Selon l’utilisation qui en est faite, la dette constitue plus ou moins une charge pour les générations futures. Si elle a financé des dépenses de consommation courante ou si la charge de la dette freine la croissance économique, elle n’est pas souhaitable ; en revanche, si elle a financé des dépenses d’éducation, de santé, d’infrastructures ou d’équipements collectifs dont profiteront les générations futures, ou bien des dépenses de nature à soutenir la croissance, et donc le niveau de vie des générations futures, alors ces dépenses et cette dette sont souhaitables. Cette règle de gestion est appliquée en France aux collectivités territoriales.

L’emprunt que l’Elysée souhaite lancer ne se pose pas d’autres objectifs. Si la dette doit s’alourdir, ce ne peut être qu’au profit de dépenses de long terme pour le pays :

  • économie de la connaissance (hausse du niveau général de qualifications)
  • compétitivité ; notre part des exportations européennes a baissé d’un ¼ en quelques années (exemple de mesures : réduire les coûts des PME)
  • innovation (dans le cadre des pôles de compétitivité) : énergie solaire, biotechnologies, nanotechnologies, voitures électriques, etc.

On attend en effet de ces investissements qu’ils génèrent des richesses pour rembourser l’emprunt :

« Les réformes  structurelles, en redressant la croissance de façon durable, permettent et favorisent l’assainissement  des finances publiques. En 2008, cette orientation fondamentale de la politique économique s’est  matérialisée dans de nombreuses et importantes réformes sur le marché du travail et sur le marché  des biens et services.
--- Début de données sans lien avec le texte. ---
(* Let $T$ be a tree and $\mathcal{M}$ a $2$-matching of $T^\ell$. Then \[ d(\mathcal{M},X)=x_{\ell(\mathcal{M})}+\text{(terms of lower total degree)}, \] where $x_{\ell(\mathcal{M})}=\prod_{uu\in\ell(\mathcal{M})}x_u$.
   Context: A tree is a simple connected graph without cycles. $L(T,X)$ is the matrix indexed by $V(T)$ with diagonal entries $x_u$ and off-diagonal entry $-1$ for adjacent vertices and $0$ otherwise. A $2$-matching of a graph (loops allowed) is a set $\mathcal{M}$ of edges such that every vertex is incident to at most two edges of $\mathcal{M}$ (a loop counts twice for incidence but as one edge). $T^\ell$ is $T$ with a loop added at each vertex; $\ell(\mathcal{M})$ is the set of loops in $\mathcal{M}$. Components of $\mathcal{M}$ are single loops or paths of $T$; orient each path $w_1\cdots w_{m+1}$ (either direction), with heads $\{w_2,\dots,w_{m+1}\}$ and tails $\{w_1,\dots,w_m\}$, a loop $uu$ having head and tail $u$; $h(\mathcal{M})$, $t(\mathcal{M})$ are the unions of heads, resp. tails, over all components. $d(\mathcal{M},X)=\pm\det L(T,X)[h(\mathcal{M}),t(\mathcal{M})]$ (rows $h(\mathcal{M})$, columns $t(\mathcal{M})$), the sign chosen so that the leading coefficient is positive. *)

From mathcomp Require Import all_boot all_algebra.
From mathcomp Require Import mpoly.
Set Implicit Arguments. Unset Strict Implicit. Unset Printing Implicit Defensive.
Import GRing.Theory.
Local Open Scope ring_scope.

Definition is_tree (V : finType) (e : rel V) : Prop :=
  [/\ ssrbool.symmetric e, irreflexive e,
      (forall u v, connect e u v) &
      (forall c : seq V, (3 <= size c)%N -> ~ ucycle e c)].

(* Edges of T^l are represented as sets of vertices: a loop uu is [set u],
   a tree edge uv is [set u; v]. *)
Definition edge_of_Tl (V : finType) (e : rel V) (f : {set V}) : bool :=
  [exists u, f == [set u]] || [exists u, exists v, e u v && (f == [set u; v])].

(* Number of incidences of u in M (a loop counts twice). *)
Definition mdegree (V : finType) (M : {set {set V}}) (u : V) : nat :=
  (#|[set f in M | u \in f]| + ([set u] \in M))%N.

Definition two_matching (V : finType) (e : rel V) (M : {set {set V}}) : Prop :=
  (forall f, f \in M -> edge_of_Tl e f) /\ (forall u, (mdegree M u <= 2)%N).

Definition loops (V : finType) (M : {set {set V}}) : {set V} :=
  [set u | [set u] \in M].

(* An orientation of the path components of M: a directed relation a
   orienting every non-loop edge of M in exactly one direction, such that
   every vertex has at most one outgoing and at most one incoming arc,
   i.e. every path w_1 ... w_{m+1} is oriented as a directed path
   (in one of its two directions). *)
Definition path_orientation (V : finType) (M : {set {set V}}) (a : rel V) : Prop :=
  [/\ (forall u v, a u v -> (u != v) && ([set u; v] \in M)),
      (forall u v, u != v -> [set u; v] \in M -> a u v (+) a v u),
      (forall u v w, a u v -> a u w -> v = w) &
      (forall u v w, a v u -> a w u -> v = w)].

(* heads: w_2 .. w_{m+1} of every oriented path, plus loop vertices *)
Definition heads (V : finType) (M : {set {set V}}) (a : rel V) : {set V} :=
  [set v | ([set v] \in M) || [exists u, a u v]].
(* tails: w_1 .. w_m of every oriented path, plus loop vertices *)
Definition tails (V : finType) (M : {set {set V}}) (a : rel V) : {set V} :=
  [set u | ([set u] \in M) || [exists v, a u v]].

Definition xvar (V : finType) (u : V) : {mpoly int[#|V|]} := 'X_(enum_rank u).

Definition Lent (V : finType) (e : rel V) (u v : V) : {mpoly int[#|V|]} :=
  if u == v then xvar u else if e u v then -1 else 0.

(* det L(T,X)[H, K]: rows indexed by H, columns by K, both listed in the
   enumeration order of V (only meaningful when #|H| = #|K|, which holds
   for H = h(M), K = t(M); the overall sign is irrelevant below). *)
Definition subdet (V : finType) (e : rel V) (H K : {set V}) : {mpoly int[#|V|]} :=
  \det (\matrix_(i < #|H|, j < #|H|)
          Lent e (enum_val i) (nth (enum_val i) (enum K) j)).

Definition xloops (V : finType) (M : {set {set V}}) : {mpoly int[#|V|]} :=
  \prod_(u in loops M) xvar u.

From mathcomp Require Import all_boot all_algebra all_fingroup.
From mathcomp Require Import mpoly zify.
Set Implicit Arguments. Unset Strict Implicit. Unset Printing Implicit Defensive.
Import GRing.Theory.
Local Open Scope ring_scope.

(* Match every head h with the tail tau h (head_to_tail): h itself if h
   carries a loop, otherwise the predecessor of h on its oriented path.
   tau is a bijection h(M) -> t(M), and the Leibniz term of the minor along
   tau is +-x_{l(M)}, since the entry (h, tau h) is x_h at a loop and -1 at
   an arc.  For any other permutation with a nonzero term, composing with
   tau^-1 gives a nontrivial permutation of the rows.  If a moved row had a
   non-loop column u, with arc u -> v, following its cycle would give a walk
   from v back to u avoiding the edge uv, which is impossible in a tree.  So
   every moved row has a loop column; as some loop row is then off the
   diagonal, fewer than |l(M)| factors of the term are variables. *)

Lemma msize_prod_card n (R : idomainType) (I : finType) (P : pred I)
    (F : I -> {mpoly R[n]}) :
  (forall i, msize (F i) <= (P i).+1)%N -> (msize (\prod_i F i) <= #|P|.+1)%N.
Proof.
move=> hF; rewrite -sum1_card [X in (_ <= X.+1)%N]big_mkcond /=.
apply: (big_rec2 (fun G k => msize G <= k.+1)%N) => [|i G k _ hG].
  by rewrite msize1.
have [->|nzF] := eqVneq (F i) 0; first by rewrite mul0r msize0.
have [->|nzG] := eqVneq G 0; first by rewrite mulr0 msize0.
by rewrite msizeM //; move: (hF i) hG; rewrite unfold_in; case: (P i) => /=; lia.
Qed.

Lemma msize_Lent (V : finType) (e : rel V) (u v : V) :
  (msize (Lent e u v) <= (u == v).+1)%N.
Proof.
rewrite /Lent; case: eqP => _; first by rewrite /xvar msizeX mdeg1.
by case: ifP; rewrite ?msizeN ?msize1 ?msize0.
Qed.

Lemma perm_closed_pred (T : finType) (p : {perm T}) (Q : pred T) x :
  (forall y, Q y -> Q (p y)) -> Q (p x) -> Q x.
Proof.
move=> Qp Qpx; have Qiter k : Q ((p ^+ k)%g (p x)).
  by elim: k => [|k IHk]; rewrite ?perm1 // expgSr permM Qp.
have := Qiter #[p]%g.-1.
by rewrite -permM -expgS prednK ?order_gt0 // expg_order perm1.
Qed.

Lemma eq_set2 (T : finType) (x y u v : T) : [set x; y] = [set u; v] ->
  (x = u /\ y = v) \/ (x = v /\ y = u).
Proof.
move=> E.
have: x \in [set u; v] by rewrite -E set21.
have: y \in [set u; v] by rewrite -E set22.
have: u \in [set x; y] by rewrite E set21.
have: v \in [set x; y] by rewrite E set22.
by rewrite !inE => /orP[]/eqP? /orP[]/eqP? /orP[]/eqP? /orP[]/eqP?; subst; auto.
Qed.

Section DeleteEdge.
Variables (V : finType) (e : rel V).
Hypothesis acyc : forall c : seq V, (3 <= size c)%N -> ~ ucycle e c.

Definition del_edge (u v : V) : rel V :=
  [rel x y | e x y && ~~ (((x == u) && (y == v)) || ((x == v) && (y == u)))].

Lemma del_edge_disconnected u v :
  e u v -> u != v -> ~~ connect (del_edge u v) v u.
Proof.
move=> euv uv; apply/negP => /connectP[p vp].
case/shortenP: vp => q vq uq _ lst.
apply: (acyc (c := v :: q)); last first.
  apply/andP; split=> //; rewrite /= rcons_path -lst euv andbT.
  by apply: sub_path vq => x y /andP[].
case: q vq lst {uq} => [|y [|z q]] //= => [_ E|/andP[vy _] E].
  by rewrite E eqxx in uv.
by move: vy; rewrite -E /del_edge /= !eqxx orbT andbF.
Qed.

Lemma connect_del_edge u v x y :
  ~~ connect (del_edge u v) v u -> connect (del_edge u v) v x ->
  e x y -> ~~ ((x == v) && (y == u)) -> connect (del_edge u v) v y.
Proof.
move=> vNu vx exy xy; apply: connect_trans (vx) (connect1 _).
rewrite /del_edge /= exy negb_or xy andbT /=.
apply/negP => /andP[/eqP xu _]; rewrite xu in vx; by rewrite vx in vNu.
Qed.

End DeleteEdge.

Section Orientation.
Variables (V : finType) (e : rel V) (M : {set {set V}}) (a : rel V).
Hypotheses (e_sym : ssrbool.symmetric e)
  (acyc : forall c : seq V, (3 <= size c)%N -> ~ ucycle e c)
  (tm : two_matching e M) (po : path_orientation M a).

Local Notation L := (loops M).
Local Notation H := (heads M a).
Local Notation K := (tails M a).

Lemma loop_edgeE x f : x \in L -> f \in M -> x \in f -> f = [set x].
Proof.
rewrite inE => xM fM xf; apply/eqP; apply: contraT => fx.
have sub : [set [set x]; f] \subset [set g in M | x \in g].
  by apply/subsetP => g; rewrite !inE => /orP[]/eqP->; rewrite ?xM ?set11 ?fM.
have := subset_leq_card sub; rewrite cards2 eq_sym fx => two_le.
by have := tm.2 x; rewrite /mdegree xM addn1 ltnNge two_le.
Qed.

Lemma arc_neq u v : a u v -> u != v.
Proof. by case: po => h _ _ _ /h /andP[]. Qed.

Lemma arc_mem u v : a u v -> [set u; v] \in M.
Proof. by case: po => h _ _ _ /h /andP[]. Qed.

Lemma arc_asym u v : a u v -> ~~ a v u.
Proof.
move=> auv; case: po => _ hx _ _.
by move: (hx u v (arc_neq auv) (arc_mem auv)); rewrite auv.
Qed.

Lemma arc_fun u v w : a u v -> a u w -> v = w.
Proof. by case: po => _ _ hf _; apply: hf. Qed.

Lemma arc_inj u v w : a v u -> a w u -> v = w.
Proof. by case: po => _ _ _ hf; apply: hf. Qed.

Lemma arc_edge u v : a u v -> e u v.
Proof.
move=> auv; have uv := arc_neq auv.
case/orP: (tm.1 _ (arc_mem auv)) => [/existsP[w /eqP E]|].
  have: u \in [set w] by rewrite -E set21.
  have: v \in [set w] by rewrite -E set22.
  by rewrite !inE => /eqP vw /eqP uw; rewrite uw vw eqxx in uv.
case/existsP=> w /existsP[w' /andP[ew /eqP E]].
by case: (eq_set2 E) => [[-> ->]|[-> ->]] //; rewrite e_sym.
Qed.

Lemma arc_notin_loops u v : a u v -> (u \notin L) && (v \notin L).
Proof.
move=> auv; have uv := arc_neq auv; have uvM := arc_mem auv.
apply/andP; split; apply/negP => /loop_edgeE /(_ uvM).
  by move=> /(_ (set21 u v)) E; have := set22 u v; rewrite E inE eq_sym (negbTE uv).
by move=> /(_ (set22 u v)) E; have := set21 u v; rewrite E inE (negbTE uv).
Qed.

Lemma loops_heads : L \subset H.
Proof. by apply/subsetP => x; rewrite !inE => ->. Qed.

Lemma loops_tails : L \subset K.
Proof. by apply/subsetP => x; rewrite !inE => ->. Qed.

Definition head_to_tail (h : V) : V :=
  if h \in L then h else odflt h [pick u | a u h].

Definition tail_to_head (k : V) : V :=
  if k \in L then k else odflt k [pick v | a k v].

Lemma head_to_tail_loop h : h \in L -> head_to_tail h = h.
Proof. by rewrite /head_to_tail => ->. Qed.

Lemma tail_to_head_loop k : k \in L -> tail_to_head k = k.
Proof. by rewrite /tail_to_head => ->. Qed.

Lemma head_to_tail_arc h : h \in H -> h \notin L -> a (head_to_tail h) h.
Proof.
rewrite /head_to_tail !inE => /orP[-> //|/existsP[u hu]] /negbTE ->.
by case: pickP => [//|/(_ u)]; rewrite hu.
Qed.

Lemma tail_to_head_arc k : k \in K -> k \notin L -> a k (tail_to_head k).
Proof.
rewrite /tail_to_head !inE => /orP[-> //|/existsP[u ku]] /negbTE ->.
by case: pickP => [//|/(_ u)]; rewrite ku.
Qed.

Lemma head_to_tail_mem h : h \in H -> head_to_tail h \in K.
Proof.
move=> hH; have [hL|hNL] := boolP (h \in L).
  by rewrite head_to_tail_loop // (subsetP loops_tails).
by rewrite inE; apply/orP; right; apply/existsP; exists h; apply: head_to_tail_arc.
Qed.

Lemma tail_to_head_mem k : k \in K -> tail_to_head k \in H.
Proof.
move=> kK; have [kL|kNL] := boolP (k \in L).
  by rewrite tail_to_head_loop // (subsetP loops_heads).
by rewrite inE; apply/orP; right; apply/existsP; exists k; apply: tail_to_head_arc.
Qed.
Leur objectif est de renforcer la compétitivité de l’économie en rendant plus  fluide le fonctionnement du marché du travail et en augmentant la concurrence sur les marchés des  biens et services »

Consolider l’actif

Si emprunt national signifie charge d’intérêts (le passif), n’oublions pas que l’État détient aussi des actifs financiers, qui lui rapportent des dividendes et des intérêts (l’actif).

La dette des administrations publiques (APU) au sens de Maastricht, qui est retenue dans le Pacte de Stabilité de Croissance, est une dette brute, ce qui signifie que les actifs financiers des APU (dépôts monétaires du Trésor auprès de la Banque de France, pensions, participations de l’État, placements en valeurs mobilières des caisses de retraite) ne viennent pas en déduction de celle-ci. La dette de Maastricht est mesurée en valeur nominale et non en valeur de marché. Elle est consolidée, ce qui signifie qu’elle exclut les dettes contractées entre APU, notamment les dépôts des collectivités locales auprès du Trésor public.

Ainsi, la dette financière nette des APU en France représente au deuxième trimestre 2009 66 % du PIB, contre 73,9 % pour la dette brute.

Au-delà des actifs financiers liquides, les APU possèdent aussi des infrastructures (écoles, hôpitaux, routes, centres sportifs, musées), des terrains… 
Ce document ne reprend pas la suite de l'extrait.